[What you have to do]: Lines from the line with "Lemma corr_norm2_onC1 s" to the line with "transitivity (\sum_(s : 'I_n)" in the entries below, and only those, must be output exactly, with both ends included.

[Exercise materials]:
====

Lemma sum_corr_norm2 : \sum_(u : U) `|t u| ^+ 2 = D.
Proof.
have := corr_norm2_onE predT; rewrite reduced_purityT mulr1 => <-.
by apply: eq_bigl => u; apply/esym/forallP.
Qed.

Lemma corr_norm2_on1_ge1 s : 1 <= corr_norm2_on (pred1 s).
Proof.
rewrite /corr_norm2_on (bigD1 zero_index) /=; last first.
  by apply/forallP => s'; rewrite ffunE orbT.
by rewrite corr_entry_zero_norm2 lerDl sumr_ge0 // => u _; rewrite exprn_ge0.
Qed.

Lemma corr_norm2_onC1 s :
  (d s)%:R ^+ 2 * corr_norm2_on (predC (pred1 s)) = D * corr_norm2_on (pred1 s).
Proof.
rewrite !corr_norm2_onE reduced_purityC big_pred1_eq [X in _ = X * _](bigD1 s) //=; ring.
Qed.

Definition num_trivial (u : U) : nat := \sum_(s : 'I_n) ((u s : nat) == 0).

Lemma sum_corr_norm2_onC1 :
  \sum_(s : 'I_n) corr_norm2_on (predC (pred1 s)) =
  \sum_(u : U) (num_trivial u)%:R * `|t u| ^+ 2.
Proof.
transitivity (\sum_(s : 'I_n) \sum_(u : U) ((u s : nat) == 0)%:R * `|t u| ^+ 2).
  apply: eq_bigr => s _; rewrite /corr_norm2_on big_mkcond; apply: eq_bigr => u _.
  have -> : supported (predC (pred1 s)) u = ((u s : nat) == 0).
    apply/forallP/idP => [/(_ s)|u_s0 s']; first by rewrite /= eqxx.
    by rewrite /=; case: eqP => [->|].
  by case: eqP; rewrite ?mul1r ?mul0r.
by rewrite exchange_big; apply: eq_bigr => u _; rewrite -big_distrl /= natr_sum.
Qed.

Lemma num_trivial_zero_index : num_trivial zero_index = n.
Proof.
rewrite /num_trivial (eq_bigr (fun _ => 1%N)) ?sum1_card ?card_ord // => s _.
by rewrite ffunE.
Qed.

Lemma num_trivial_le (u : U) s : (u s : nat) != 0 -> (num_trivial u <= n.-1)%N.
Proof.
move=> u_s_neq0.
have : (num_trivial u < \sum_(s' : 'I_n) 1)%N.
  rewrite /num_trivial (bigD1 s) //= [X in (_ < X)%N](bigD1 s) //= (negbTE u_s_neq0).
  by rewrite ltnS leq_sum // => s' _; exact: leq_b1.
by rewrite sum1_card card_ord; lia.
Qed.

Lemma num_trivial_weight_le (u : U) : (0 < n)%N ->
  [forall s, (u s : nat) != 0]%:R * n.-1%:R - (u == zero_index)%:R
    <= n.-1%:R - (num_trivial u)%:R :> C.
Proof.
move=> n_gt0; have [/forallP full_u|not_full] := boolP [forall s, (u s : nat) != 0].
  have -> : num_trivial u = 0%N.
    by apply: big1 => s _; rewrite (negbTE (full_u s)).
  have -> : (u == zero_index) = false.
    by apply/negbTE/eqP => u0; have := full_u (Ordinal n_gt0); rewrite u0 ffunE.
  by rewrite mul1r !subr0.
rewrite mul0r sub0r; have [->|neq_u0] := eqVneq u zero_index.
  by rewrite num_trivial_zero_index -{2}(prednK n_gt0) -addn1 natrD opprD addrA subrr sub0r.
have [s u_s_neq0] : exists s, (u s : nat) != 0.
  apply/existsP; apply: contraR neq_u0 => /existsPn u_triv; apply/eqP/ffunP => s.
  by apply/val_inj; rewrite ffunE /=; apply/eqP; rewrite -[_ == _]negbK u_triv.
by rewrite oppr0 subr_ge0 ler_nat (num_trivial_le u_s_neq0).
Qed.

Lemma corr_norm2_weighted_le : (0 < n)%N ->
  corr_norm2 w rho * n.-1%:R - 1 <=
  \sum_(u : U) (n.-1%:R - (num_trivial u)%:R) * `|t u| ^+ 2.
Proof.
move=> n_gt0.
have -> : corr_norm2 w rho * n.-1%:R - 1 = \sum_(u : U)
    ([forall s, (u s : nat) != 0]%:R * n.-1%:R - (u == zero_index)%:R) * `|t u| ^+ 2.
  under [RHS]eq_bigr do rewrite mulrBl; rewrite sumrB.
  under [X in _ = _ - X]eq_bigr do rewrite mulrC eq_sym.
  rewrite sum_mul_delta corr_entry_zero_norm2 /corr_norm2 big_mkcond big_distrl /=.
  by congr (_ - _); apply: eq_bigr => u _; case: ifP; rewrite ?mul0r // mul1r mulrC.
apply: ler_sum => u _; apply: ler_wpM2r; first exact: exprn_ge0.
exact: num_trivial_weight_le.
Qed.

Lemma weighted_corr_norm2E :
  \sum_(u : U) (n.-1%:R - (num_trivial u)%:R) * `|t u| ^+ 2 =
  n.-1%:R * D - \sum_(s : 'I_n) corr_norm2_on (predC (pred1 s)).
Proof.
under eq_bigr do rewrite mulrBl.
by rewrite sumrB -big_distrr sum_corr_norm2 sum_corr_norm2_onC1.
Qed.

Lemma sum_corr_norm2_onC1_ge :
  \sum_(s : 'I_n) D / (d s)%:R ^+ 2 <= \sum_(s : 'I_n) corr_norm2_on (predC (pred1 s)).
Proof.
apply: ler_sum => s _.
have ds2_neq0 : (d s)%:R ^+ 2 != 0 :> C by rewrite expf_neq0 // pnatr_eq0 -lt0n.
rewrite -[corr_norm2_on _](mulKf ds2_neq0) corr_norm2_onC1 mulrA [_^-1 * D]mulrC.
rewrite -[X in X <= _]mulr1 ler_wpM2l ?corr_norm2_on1_ge1 //.
by rewrite mulr_ge0 ?invr_ge0 ?exprn_ge0 ?ler0n // prodr_ge0 // => s' _; rewrite ler0n.
Qed.

Lemma corr_norm2_pure_le : (2 <= n)%N ->
  corr_norm2 w rho <=
    (D * ((n - 1)%:R - \sum_(s : 'I_n) ((d s)%:R ^+ 2)^-1) + 1) / (n - 1)%:R.
Proof.
move=> n_ge2; have n_gt0 : (0 < n)%N := ltnW n_ge2.
have n1_gt0 : 0 < (n - 1)%:R :> C by rewrite ltr0n subn_gt0.
rewrite ler_pdivlMr // -lerBlDr subn1.
apply: le_trans (corr_norm2_weighted_le n_gt0) _.
rewrite weighted_corr_norm2E mulrBr mulr_sumr mulrC lerD2l lerN2.
exact: sum_corr_norm2_onC1_ge.
Qed.

End PureState.

Theorem lemma3 (C : numClosedFieldType) (n : nat) (d : 'I_n -> nat)
  (w : 'I_n -> C) (rho : multi_index n d -> multi_index n d -> C) :
  (2 <= n)%N ->
  (forall s, 2 <= d s)%N ->
  (forall s, (d s).-primitive_root (w s)) ->
  pure_state rho ->
  corr_norm2 w rho <=
    ((\prod_(s : 'I_n) (d s)%:R) * ((n - 1)%:R - \sum_(s : 'I_n) ((d s)%:R ^+ 2)^-1) + 1)
      / (n - 1)%:R.
Proof.
move=> n_ge2 _ w_prim [psi [psi_normed rho_psi]].
exact: corr_norm2_pure_le w_prim psi_normed rho_psi n_ge2.
Qed.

====

[Result for this exercise]:
Lemma corr_norm2_onC1 s :
  (d s)%:R ^+ 2 * corr_norm2_on (predC (pred1 s)) = D * corr_norm2_on (pred1 s).
Proof.
rewrite !corr_norm2_onE reduced_purityC big_pred1_eq [X in _ = X * _](bigD1 s) //=; ring.
Qed.

Definition num_trivial (u : U) : nat := \sum_(s : 'I_n) ((u s : nat) == 0).

Lemma sum_corr_norm2_onC1 :
  \sum_(s : 'I_n) corr_norm2_on (predC (pred1 s)) =
  \sum_(u : U) (num_trivial u)%:R * `|t u| ^+ 2.
Proof.
transitivity (\sum_(s : 'I_n) \sum_(u : U) ((u s : nat) == 0)%:R * `|t u| ^+ 2).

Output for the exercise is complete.